### Aim of the task
Where a line of the data below has the string "qpartZ", copy that line.

### Input data

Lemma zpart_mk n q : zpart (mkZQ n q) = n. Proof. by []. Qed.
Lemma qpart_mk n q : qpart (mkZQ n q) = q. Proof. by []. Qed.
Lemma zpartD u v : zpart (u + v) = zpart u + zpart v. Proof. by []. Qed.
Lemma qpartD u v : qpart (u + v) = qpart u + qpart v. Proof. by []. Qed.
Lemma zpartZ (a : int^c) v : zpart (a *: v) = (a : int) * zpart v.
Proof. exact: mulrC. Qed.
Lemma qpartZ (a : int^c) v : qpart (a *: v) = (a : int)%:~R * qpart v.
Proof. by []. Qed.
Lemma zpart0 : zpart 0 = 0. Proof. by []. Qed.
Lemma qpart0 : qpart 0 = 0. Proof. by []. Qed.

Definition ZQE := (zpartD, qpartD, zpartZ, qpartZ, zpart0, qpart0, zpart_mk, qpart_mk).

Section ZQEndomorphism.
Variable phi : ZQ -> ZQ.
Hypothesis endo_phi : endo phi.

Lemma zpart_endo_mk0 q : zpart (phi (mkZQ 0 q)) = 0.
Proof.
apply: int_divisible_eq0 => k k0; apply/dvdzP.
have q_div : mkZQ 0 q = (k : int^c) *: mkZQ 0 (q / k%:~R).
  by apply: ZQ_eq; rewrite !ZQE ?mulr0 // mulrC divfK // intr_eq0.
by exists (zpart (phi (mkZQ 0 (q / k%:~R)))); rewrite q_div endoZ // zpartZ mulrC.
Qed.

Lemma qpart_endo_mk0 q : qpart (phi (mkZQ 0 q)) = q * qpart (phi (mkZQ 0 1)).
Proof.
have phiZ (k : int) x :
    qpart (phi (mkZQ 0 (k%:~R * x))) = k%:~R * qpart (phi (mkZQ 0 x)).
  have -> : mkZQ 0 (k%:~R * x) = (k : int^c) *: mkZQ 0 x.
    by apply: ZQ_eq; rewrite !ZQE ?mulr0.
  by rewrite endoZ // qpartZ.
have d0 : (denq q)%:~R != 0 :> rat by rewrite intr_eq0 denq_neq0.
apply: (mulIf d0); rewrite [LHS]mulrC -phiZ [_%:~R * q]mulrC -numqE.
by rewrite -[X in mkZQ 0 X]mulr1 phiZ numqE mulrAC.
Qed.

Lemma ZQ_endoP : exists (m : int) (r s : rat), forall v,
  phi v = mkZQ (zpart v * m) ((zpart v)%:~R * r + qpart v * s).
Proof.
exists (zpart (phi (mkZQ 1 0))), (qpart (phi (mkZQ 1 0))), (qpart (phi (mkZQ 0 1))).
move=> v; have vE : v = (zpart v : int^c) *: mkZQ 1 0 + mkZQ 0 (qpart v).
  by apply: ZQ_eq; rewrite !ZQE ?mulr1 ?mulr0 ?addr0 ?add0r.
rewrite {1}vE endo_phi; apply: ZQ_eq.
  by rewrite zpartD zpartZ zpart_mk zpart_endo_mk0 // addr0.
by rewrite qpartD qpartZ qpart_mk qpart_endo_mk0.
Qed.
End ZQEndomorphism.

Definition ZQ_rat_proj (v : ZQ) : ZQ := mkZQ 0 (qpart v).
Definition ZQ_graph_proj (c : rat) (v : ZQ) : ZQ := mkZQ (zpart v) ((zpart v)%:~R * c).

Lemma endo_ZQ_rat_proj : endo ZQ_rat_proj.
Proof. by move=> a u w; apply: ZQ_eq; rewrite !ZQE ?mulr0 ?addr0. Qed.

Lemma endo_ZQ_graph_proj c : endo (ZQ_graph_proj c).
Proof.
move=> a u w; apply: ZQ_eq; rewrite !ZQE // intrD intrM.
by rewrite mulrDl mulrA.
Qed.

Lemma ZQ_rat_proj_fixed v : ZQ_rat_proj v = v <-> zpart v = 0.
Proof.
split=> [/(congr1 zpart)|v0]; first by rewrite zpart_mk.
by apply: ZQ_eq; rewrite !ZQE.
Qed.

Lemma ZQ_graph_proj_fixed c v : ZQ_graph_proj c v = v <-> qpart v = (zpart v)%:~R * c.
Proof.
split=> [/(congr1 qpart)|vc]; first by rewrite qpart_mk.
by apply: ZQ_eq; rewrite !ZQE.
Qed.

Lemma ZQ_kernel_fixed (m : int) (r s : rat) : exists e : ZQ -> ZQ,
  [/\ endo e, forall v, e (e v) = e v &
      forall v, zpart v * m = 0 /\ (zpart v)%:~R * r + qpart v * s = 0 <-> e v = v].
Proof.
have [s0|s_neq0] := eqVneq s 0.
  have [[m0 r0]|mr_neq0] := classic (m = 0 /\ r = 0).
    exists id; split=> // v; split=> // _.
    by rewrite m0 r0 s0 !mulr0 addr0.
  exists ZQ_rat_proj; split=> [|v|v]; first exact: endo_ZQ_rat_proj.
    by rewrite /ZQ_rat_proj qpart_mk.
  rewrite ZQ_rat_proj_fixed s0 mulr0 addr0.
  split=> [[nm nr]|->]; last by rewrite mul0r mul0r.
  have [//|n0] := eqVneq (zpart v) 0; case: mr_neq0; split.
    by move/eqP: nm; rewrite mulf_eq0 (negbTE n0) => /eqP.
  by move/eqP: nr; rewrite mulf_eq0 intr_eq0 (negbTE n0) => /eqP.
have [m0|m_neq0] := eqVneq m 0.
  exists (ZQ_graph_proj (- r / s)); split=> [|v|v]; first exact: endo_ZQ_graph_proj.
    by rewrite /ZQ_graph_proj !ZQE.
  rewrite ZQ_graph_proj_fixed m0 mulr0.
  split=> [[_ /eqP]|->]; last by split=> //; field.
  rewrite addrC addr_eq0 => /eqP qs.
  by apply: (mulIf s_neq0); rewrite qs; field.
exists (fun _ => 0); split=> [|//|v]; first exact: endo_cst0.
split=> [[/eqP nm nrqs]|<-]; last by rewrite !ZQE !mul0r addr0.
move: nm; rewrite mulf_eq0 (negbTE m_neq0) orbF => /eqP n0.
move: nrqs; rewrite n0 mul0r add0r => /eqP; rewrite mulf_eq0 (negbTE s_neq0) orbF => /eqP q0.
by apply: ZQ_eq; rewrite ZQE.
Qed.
...
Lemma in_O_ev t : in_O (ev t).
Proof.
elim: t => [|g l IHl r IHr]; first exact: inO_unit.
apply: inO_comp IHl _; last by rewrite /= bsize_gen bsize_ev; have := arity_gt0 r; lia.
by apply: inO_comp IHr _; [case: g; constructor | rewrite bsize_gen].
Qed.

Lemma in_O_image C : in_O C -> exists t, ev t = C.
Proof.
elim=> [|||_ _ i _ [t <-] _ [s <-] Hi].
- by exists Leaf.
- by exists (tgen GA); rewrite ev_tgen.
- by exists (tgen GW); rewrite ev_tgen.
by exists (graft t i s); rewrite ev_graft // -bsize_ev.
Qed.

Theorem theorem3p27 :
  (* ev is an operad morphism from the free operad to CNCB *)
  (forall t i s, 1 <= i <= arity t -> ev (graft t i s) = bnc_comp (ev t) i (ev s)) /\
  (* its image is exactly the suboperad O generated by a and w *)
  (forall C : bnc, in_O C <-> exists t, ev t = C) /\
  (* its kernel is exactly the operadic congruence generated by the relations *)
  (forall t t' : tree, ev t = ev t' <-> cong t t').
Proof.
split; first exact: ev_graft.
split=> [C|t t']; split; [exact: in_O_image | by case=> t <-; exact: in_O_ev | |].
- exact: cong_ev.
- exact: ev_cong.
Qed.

### Response to the task
Lemma qpartZ (a : int^c) v : qpart (a *: v) = (a : int)%:~R * qpart v.
Definition ZQE := (zpartD, qpartD, zpartZ, qpartZ, zpart0, qpart0, zpart_mk, qpart_mk).
  by rewrite endoZ // qpartZ.
by rewrite qpartD qpartZ qpart_mk qpart_endo_mk0.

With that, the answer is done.